#### [Your objective]
Your task is to quote the records from their first line through the line containing "[:: 0; 4; 3; 12; 8; 5; 1;", with nothing added or left out.

(Stored items)
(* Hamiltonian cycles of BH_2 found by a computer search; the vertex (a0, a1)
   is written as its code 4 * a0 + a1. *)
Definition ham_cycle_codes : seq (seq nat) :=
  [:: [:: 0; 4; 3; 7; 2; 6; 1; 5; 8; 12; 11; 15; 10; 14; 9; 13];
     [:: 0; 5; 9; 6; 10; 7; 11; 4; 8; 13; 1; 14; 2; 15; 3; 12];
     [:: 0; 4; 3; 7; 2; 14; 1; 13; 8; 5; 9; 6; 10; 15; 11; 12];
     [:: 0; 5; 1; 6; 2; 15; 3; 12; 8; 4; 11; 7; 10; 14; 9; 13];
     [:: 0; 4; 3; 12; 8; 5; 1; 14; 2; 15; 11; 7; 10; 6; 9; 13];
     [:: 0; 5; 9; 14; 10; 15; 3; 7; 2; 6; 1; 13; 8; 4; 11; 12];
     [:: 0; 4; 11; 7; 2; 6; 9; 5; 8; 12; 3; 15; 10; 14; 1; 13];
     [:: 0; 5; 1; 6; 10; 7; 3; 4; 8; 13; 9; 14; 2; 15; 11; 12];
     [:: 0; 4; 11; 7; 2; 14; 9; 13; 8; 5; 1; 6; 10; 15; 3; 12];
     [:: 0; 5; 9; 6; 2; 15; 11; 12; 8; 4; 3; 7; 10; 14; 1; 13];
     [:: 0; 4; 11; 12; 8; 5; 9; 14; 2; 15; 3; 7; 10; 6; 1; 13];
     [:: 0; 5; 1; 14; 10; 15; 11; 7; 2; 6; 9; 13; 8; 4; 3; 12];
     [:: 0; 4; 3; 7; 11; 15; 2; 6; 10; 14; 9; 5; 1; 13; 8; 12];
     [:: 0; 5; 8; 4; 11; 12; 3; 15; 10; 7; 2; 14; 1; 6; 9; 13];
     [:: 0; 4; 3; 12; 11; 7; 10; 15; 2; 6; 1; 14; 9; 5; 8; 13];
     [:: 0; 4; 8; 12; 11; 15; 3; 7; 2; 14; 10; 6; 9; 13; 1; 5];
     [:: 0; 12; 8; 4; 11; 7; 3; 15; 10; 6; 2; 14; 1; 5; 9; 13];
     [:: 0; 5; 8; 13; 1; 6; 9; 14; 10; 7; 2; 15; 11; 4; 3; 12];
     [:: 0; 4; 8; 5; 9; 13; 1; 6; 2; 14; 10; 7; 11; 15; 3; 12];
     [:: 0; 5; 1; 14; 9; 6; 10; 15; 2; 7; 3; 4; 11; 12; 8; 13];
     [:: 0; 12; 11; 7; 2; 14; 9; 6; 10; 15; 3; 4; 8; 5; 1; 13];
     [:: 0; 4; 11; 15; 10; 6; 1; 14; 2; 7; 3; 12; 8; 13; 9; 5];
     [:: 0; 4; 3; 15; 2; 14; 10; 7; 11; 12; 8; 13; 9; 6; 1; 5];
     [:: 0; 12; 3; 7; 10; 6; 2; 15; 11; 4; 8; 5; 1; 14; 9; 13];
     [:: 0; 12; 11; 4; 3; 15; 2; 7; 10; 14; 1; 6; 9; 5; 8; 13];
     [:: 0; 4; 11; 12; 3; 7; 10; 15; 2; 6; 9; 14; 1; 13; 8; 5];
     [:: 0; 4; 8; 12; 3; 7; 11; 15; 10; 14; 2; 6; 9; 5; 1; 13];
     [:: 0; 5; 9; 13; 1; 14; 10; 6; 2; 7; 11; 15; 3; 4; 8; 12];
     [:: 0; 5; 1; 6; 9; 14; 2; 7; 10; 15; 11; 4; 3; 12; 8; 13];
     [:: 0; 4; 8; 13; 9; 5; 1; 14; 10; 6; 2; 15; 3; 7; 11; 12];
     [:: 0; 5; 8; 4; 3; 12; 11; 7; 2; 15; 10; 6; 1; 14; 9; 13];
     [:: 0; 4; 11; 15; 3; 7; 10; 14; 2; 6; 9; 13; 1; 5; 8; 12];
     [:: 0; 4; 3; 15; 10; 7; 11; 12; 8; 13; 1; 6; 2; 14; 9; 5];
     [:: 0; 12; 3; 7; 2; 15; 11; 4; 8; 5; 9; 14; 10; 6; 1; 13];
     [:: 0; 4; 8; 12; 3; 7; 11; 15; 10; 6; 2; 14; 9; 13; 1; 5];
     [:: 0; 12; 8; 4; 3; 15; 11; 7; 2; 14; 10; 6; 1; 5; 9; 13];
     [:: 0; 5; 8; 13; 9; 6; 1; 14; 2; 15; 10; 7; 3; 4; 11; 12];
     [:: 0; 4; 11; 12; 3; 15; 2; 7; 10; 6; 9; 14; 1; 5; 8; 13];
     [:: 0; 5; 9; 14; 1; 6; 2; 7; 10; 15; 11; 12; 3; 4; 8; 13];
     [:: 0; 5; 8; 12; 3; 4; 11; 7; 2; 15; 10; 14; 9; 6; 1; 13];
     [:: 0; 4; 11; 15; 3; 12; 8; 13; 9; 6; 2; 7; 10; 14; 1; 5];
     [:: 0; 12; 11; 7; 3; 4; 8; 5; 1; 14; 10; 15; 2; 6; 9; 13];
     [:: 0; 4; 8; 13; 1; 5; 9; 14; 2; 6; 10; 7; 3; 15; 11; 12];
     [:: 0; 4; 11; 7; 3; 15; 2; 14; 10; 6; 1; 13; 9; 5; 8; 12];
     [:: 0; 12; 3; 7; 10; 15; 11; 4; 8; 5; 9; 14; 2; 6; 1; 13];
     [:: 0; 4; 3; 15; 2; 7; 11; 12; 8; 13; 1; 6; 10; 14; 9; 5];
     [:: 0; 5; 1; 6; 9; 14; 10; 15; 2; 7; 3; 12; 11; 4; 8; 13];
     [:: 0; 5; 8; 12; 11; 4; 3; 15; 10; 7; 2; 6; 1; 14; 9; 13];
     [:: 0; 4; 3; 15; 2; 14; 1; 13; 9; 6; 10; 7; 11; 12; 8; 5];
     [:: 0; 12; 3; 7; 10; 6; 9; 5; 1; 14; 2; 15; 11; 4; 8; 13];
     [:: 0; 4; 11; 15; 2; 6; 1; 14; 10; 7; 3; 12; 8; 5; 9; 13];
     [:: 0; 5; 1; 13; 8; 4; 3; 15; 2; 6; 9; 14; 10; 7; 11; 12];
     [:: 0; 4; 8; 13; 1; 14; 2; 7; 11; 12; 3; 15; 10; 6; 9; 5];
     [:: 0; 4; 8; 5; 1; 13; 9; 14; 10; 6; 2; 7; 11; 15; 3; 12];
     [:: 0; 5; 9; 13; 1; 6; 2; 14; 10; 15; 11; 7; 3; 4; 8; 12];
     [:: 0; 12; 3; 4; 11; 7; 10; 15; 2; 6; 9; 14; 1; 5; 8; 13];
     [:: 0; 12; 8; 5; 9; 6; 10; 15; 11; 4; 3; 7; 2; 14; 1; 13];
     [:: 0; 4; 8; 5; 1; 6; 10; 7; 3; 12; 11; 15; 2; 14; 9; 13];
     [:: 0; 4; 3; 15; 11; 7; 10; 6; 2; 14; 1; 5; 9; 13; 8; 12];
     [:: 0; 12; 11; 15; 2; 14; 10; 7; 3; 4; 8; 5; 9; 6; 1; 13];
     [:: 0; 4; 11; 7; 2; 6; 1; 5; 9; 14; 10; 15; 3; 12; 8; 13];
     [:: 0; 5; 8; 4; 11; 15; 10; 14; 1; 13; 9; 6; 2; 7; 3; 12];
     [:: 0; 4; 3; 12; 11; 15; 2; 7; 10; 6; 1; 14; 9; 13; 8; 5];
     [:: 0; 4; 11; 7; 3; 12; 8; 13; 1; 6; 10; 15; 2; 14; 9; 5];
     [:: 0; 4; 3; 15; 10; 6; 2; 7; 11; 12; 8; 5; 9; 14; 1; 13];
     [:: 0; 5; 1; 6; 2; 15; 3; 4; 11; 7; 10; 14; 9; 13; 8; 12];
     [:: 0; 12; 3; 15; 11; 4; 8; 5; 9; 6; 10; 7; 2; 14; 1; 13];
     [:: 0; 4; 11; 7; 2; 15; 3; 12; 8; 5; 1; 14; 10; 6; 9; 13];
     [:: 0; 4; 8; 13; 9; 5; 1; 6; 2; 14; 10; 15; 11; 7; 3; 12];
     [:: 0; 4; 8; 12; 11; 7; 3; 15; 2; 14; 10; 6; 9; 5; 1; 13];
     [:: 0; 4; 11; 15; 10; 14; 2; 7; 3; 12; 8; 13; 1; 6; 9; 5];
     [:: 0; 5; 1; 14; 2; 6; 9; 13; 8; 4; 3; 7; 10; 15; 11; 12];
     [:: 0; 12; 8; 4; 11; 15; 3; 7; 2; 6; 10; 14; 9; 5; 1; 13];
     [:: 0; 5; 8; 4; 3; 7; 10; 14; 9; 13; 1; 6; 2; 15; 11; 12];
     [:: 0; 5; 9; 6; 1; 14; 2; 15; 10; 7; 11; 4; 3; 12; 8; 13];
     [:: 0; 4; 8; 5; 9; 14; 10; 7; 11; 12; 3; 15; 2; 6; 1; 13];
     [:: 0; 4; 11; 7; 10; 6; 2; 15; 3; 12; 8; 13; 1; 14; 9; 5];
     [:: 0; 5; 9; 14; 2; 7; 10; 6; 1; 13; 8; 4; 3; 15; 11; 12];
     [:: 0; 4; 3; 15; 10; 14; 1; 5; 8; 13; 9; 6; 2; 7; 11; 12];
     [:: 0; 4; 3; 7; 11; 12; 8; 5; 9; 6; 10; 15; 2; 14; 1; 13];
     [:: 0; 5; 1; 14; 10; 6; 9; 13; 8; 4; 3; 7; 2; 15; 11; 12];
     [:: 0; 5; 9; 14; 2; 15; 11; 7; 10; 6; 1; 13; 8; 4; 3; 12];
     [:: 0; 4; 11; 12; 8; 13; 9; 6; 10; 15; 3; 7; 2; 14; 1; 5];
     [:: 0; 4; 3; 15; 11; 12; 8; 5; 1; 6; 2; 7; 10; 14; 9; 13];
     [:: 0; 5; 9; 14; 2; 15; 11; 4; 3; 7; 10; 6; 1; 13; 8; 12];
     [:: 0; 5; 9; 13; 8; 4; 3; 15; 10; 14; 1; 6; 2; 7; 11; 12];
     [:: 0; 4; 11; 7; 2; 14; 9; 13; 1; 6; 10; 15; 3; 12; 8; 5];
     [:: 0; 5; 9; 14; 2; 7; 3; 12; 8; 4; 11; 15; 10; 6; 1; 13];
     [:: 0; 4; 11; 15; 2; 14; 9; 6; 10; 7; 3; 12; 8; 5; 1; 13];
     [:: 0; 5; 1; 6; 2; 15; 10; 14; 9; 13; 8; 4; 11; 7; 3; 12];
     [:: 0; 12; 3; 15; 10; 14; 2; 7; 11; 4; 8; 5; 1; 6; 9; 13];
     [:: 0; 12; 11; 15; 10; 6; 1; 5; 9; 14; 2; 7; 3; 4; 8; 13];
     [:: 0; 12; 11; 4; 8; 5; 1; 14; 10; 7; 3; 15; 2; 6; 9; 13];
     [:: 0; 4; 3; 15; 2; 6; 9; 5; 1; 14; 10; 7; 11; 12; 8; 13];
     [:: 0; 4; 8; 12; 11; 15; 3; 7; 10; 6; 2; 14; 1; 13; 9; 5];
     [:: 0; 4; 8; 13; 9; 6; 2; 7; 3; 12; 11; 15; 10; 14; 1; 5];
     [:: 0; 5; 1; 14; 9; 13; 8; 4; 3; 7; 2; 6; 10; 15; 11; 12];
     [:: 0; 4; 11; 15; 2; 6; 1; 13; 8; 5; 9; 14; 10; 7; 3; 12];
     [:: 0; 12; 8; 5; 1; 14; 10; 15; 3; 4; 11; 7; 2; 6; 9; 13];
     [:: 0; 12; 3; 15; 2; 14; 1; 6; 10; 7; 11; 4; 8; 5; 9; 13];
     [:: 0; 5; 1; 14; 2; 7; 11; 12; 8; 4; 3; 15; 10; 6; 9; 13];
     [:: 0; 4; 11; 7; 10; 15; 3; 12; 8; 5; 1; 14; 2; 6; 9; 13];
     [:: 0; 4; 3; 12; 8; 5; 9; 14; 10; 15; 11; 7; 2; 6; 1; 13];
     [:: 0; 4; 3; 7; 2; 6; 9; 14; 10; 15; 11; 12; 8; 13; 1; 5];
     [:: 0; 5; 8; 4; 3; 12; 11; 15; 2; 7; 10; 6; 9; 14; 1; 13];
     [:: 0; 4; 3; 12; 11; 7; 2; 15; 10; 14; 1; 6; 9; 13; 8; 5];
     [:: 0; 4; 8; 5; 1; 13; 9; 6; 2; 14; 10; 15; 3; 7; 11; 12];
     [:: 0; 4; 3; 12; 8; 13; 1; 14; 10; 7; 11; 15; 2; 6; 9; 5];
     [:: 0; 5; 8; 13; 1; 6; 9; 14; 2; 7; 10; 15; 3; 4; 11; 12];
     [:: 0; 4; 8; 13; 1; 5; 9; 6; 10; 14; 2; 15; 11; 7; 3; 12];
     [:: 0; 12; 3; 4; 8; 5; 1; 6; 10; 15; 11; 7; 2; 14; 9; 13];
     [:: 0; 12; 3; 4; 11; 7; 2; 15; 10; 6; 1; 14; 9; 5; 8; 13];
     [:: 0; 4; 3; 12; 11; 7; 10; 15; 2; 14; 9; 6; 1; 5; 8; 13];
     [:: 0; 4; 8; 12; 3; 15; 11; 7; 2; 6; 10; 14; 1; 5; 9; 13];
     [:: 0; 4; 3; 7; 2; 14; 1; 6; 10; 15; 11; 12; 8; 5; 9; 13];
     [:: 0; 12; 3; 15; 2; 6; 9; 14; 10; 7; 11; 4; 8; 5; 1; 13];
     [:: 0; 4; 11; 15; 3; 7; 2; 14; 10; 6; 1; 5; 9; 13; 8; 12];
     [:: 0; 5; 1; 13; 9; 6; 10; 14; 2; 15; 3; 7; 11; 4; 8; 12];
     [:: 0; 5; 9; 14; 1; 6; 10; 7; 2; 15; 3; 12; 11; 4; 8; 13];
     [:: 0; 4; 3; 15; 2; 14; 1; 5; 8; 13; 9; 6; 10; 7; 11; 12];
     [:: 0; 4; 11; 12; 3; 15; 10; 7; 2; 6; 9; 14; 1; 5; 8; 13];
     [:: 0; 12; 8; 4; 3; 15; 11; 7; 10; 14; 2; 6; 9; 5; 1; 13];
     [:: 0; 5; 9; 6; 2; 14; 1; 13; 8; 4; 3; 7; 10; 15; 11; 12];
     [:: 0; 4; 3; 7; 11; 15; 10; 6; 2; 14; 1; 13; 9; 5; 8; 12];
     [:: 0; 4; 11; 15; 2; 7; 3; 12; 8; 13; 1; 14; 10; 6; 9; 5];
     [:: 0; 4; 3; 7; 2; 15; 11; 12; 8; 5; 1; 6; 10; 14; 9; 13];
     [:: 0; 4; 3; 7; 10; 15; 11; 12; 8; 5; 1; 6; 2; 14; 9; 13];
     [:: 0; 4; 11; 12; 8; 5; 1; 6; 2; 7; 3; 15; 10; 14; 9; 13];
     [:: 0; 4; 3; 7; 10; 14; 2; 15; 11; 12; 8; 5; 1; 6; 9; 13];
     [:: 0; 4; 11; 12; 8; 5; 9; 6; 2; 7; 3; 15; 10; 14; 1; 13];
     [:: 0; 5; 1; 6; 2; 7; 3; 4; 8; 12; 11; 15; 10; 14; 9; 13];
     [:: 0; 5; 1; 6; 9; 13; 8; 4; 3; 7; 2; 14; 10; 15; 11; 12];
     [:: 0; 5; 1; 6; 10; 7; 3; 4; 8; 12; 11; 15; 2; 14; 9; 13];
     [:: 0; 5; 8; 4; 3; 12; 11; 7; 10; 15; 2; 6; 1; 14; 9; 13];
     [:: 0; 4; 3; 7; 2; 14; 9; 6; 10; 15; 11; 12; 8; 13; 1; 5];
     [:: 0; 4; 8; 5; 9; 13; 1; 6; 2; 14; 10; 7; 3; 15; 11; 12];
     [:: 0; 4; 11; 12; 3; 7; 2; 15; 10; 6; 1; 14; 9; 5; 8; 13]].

#### [Task result]
(* Hamiltonian cycles of BH_2 found by a computer search; the vertex (a0, a1)
   is written as its code 4 * a0 + a1. *)
Definition ham_cycle_codes : seq (seq nat) :=
  [:: [:: 0; 4; 3; 7; 2; 6; 1; 5; 8; 12; 11; 15; 10; 14; 9; 13];
     [:: 0; 5; 9; 6; 10; 7; 11; 4; 8; 13; 1; 14; 2; 15; 3; 12];
     [:: 0; 4; 3; 7; 2; 14; 1; 13; 8; 5; 9; 6; 10; 15; 11; 12];
     [:: 0; 5; 1; 6; 2; 15; 3; 12; 8; 4; 11; 7; 10; 14; 9; 13];
     [:: 0; 4; 3; 12; 8; 5; 1; 14; 2; 15; 11; 7; 10; 6; 9; 13];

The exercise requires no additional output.